(Beginning of Dataset)

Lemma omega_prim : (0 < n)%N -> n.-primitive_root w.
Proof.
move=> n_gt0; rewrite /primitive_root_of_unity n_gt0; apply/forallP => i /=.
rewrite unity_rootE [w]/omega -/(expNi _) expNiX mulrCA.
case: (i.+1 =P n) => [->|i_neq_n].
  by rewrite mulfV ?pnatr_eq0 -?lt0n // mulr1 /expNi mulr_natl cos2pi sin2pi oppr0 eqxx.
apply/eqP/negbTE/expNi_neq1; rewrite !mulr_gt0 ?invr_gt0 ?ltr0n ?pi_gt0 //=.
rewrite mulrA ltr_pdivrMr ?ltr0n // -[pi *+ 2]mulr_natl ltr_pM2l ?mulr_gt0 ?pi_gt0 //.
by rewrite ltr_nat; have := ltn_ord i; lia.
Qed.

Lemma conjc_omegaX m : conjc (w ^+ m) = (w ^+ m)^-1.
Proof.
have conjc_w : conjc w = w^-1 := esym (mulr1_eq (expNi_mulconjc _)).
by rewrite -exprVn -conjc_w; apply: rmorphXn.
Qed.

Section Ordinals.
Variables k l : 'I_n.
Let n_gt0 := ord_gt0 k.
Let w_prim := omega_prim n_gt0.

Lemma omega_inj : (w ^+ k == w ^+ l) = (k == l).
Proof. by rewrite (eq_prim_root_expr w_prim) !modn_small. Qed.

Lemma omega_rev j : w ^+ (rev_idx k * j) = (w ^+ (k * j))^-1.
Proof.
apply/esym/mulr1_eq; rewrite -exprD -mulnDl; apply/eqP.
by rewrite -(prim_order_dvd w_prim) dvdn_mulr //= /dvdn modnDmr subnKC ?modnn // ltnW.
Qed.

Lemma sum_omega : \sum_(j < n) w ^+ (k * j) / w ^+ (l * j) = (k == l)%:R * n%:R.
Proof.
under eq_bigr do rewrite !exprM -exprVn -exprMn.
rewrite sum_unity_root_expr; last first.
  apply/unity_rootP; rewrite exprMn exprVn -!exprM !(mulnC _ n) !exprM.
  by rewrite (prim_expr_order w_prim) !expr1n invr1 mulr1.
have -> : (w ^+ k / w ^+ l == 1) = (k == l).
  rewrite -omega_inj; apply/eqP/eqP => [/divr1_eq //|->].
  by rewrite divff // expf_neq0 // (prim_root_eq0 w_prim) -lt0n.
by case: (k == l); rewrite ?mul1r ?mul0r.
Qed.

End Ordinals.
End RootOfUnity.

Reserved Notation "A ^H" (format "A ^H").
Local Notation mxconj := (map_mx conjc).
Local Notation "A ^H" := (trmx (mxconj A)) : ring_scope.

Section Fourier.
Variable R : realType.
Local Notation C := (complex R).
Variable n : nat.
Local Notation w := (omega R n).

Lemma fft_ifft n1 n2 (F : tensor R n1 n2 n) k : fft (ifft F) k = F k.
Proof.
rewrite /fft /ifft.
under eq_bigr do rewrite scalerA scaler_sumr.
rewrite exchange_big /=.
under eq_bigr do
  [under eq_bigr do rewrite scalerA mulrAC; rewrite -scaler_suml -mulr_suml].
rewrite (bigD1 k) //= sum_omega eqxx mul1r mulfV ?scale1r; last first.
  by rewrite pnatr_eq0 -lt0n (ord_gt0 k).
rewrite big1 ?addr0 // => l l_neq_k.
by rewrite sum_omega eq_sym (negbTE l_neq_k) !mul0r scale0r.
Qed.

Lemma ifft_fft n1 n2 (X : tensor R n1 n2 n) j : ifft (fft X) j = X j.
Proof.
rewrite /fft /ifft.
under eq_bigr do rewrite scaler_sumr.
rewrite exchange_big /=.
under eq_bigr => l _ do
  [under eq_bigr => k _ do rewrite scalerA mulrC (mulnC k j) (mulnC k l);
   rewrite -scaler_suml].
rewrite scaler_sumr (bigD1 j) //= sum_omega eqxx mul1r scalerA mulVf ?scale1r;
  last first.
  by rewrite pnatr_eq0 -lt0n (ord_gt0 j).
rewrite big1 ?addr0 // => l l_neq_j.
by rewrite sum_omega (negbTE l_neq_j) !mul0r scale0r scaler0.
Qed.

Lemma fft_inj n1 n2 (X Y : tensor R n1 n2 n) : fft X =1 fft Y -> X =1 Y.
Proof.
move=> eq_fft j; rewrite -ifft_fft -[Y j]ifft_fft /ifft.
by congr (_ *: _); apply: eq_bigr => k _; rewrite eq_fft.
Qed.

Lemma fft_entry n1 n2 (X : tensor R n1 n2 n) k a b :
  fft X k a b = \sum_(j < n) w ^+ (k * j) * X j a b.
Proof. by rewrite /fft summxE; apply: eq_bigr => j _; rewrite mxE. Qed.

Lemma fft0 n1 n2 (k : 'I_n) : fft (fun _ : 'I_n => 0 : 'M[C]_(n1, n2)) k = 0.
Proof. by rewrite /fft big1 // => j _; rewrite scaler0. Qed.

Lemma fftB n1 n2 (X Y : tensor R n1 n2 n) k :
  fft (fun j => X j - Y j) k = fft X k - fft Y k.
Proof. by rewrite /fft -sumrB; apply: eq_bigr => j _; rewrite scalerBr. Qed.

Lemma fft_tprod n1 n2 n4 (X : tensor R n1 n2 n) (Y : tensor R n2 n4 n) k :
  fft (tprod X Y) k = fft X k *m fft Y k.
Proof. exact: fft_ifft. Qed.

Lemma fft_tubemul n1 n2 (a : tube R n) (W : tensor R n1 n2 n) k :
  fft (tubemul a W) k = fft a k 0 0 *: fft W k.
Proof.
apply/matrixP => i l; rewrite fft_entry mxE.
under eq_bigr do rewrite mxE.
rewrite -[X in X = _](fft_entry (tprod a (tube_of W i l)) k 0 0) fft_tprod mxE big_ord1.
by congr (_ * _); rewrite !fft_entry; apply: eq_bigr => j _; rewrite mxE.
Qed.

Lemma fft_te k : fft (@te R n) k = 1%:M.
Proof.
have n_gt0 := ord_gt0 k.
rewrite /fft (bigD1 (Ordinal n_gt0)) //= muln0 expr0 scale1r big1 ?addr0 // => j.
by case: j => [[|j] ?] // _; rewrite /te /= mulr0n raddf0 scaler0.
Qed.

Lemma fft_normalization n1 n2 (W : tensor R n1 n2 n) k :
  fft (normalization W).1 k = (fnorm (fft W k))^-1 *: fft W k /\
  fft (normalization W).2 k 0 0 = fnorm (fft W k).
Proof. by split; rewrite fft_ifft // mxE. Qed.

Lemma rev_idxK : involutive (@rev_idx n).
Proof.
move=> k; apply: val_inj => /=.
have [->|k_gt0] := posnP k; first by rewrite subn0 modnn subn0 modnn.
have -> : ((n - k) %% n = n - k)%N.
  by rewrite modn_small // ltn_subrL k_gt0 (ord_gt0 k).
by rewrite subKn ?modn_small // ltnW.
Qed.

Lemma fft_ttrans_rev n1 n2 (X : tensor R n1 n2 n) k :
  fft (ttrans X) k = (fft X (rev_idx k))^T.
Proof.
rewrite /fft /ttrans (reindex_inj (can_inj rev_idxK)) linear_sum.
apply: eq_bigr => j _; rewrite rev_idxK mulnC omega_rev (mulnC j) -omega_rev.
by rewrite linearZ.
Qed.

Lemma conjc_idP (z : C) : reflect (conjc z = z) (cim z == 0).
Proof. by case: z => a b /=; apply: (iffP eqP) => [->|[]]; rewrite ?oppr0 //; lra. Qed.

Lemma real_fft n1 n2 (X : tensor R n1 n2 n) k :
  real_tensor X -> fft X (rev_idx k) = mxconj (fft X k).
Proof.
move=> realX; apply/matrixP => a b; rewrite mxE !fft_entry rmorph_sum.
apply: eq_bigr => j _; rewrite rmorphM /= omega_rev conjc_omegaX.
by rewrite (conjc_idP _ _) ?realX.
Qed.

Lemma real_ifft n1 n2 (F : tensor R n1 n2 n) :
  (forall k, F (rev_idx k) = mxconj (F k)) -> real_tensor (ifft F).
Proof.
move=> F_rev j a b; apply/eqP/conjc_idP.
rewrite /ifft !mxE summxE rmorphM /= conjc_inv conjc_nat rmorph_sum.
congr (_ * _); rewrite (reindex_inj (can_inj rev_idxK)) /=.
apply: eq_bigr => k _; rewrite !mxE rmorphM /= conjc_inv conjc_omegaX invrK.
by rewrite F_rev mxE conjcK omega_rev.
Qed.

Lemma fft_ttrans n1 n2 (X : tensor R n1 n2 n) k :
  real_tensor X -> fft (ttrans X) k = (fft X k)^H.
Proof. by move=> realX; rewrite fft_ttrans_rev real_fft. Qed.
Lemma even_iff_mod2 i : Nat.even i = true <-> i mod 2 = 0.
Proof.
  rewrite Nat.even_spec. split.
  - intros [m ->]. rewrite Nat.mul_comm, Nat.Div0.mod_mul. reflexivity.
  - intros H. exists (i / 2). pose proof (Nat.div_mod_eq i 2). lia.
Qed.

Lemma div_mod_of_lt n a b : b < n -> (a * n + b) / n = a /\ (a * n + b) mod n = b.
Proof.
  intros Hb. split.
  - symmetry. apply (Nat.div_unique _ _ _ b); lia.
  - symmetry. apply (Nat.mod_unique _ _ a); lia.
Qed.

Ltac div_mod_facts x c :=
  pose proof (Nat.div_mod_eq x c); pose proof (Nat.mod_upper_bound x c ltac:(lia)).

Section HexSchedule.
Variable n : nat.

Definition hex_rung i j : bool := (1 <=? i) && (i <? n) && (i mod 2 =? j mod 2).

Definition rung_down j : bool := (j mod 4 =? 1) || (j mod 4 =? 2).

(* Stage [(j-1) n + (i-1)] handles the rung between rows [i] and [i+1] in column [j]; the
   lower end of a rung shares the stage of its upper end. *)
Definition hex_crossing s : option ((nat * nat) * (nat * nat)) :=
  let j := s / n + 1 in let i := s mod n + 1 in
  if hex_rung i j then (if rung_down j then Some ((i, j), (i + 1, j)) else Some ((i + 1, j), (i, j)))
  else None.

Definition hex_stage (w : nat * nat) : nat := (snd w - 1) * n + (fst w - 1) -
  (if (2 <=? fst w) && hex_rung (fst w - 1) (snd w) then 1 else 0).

(End of Dataset)

> [What you have to do]:
Look above for lines with the word "Definition" and copy them all.

> [Response to this task]:
Definition hex_rung i j : bool := (1 <=? i) && (i <? n) && (i mod 2 =? j mod 2).
Definition rung_down j : bool := (j mod 4 =? 1) || (j mod 4 =? 2).
Definition hex_crossing s : option ((nat * nat) * (nat * nat)) :=
Definition hex_stage (w : nat * nat) : nat := (snd w - 1) * n + (fst w - 1) -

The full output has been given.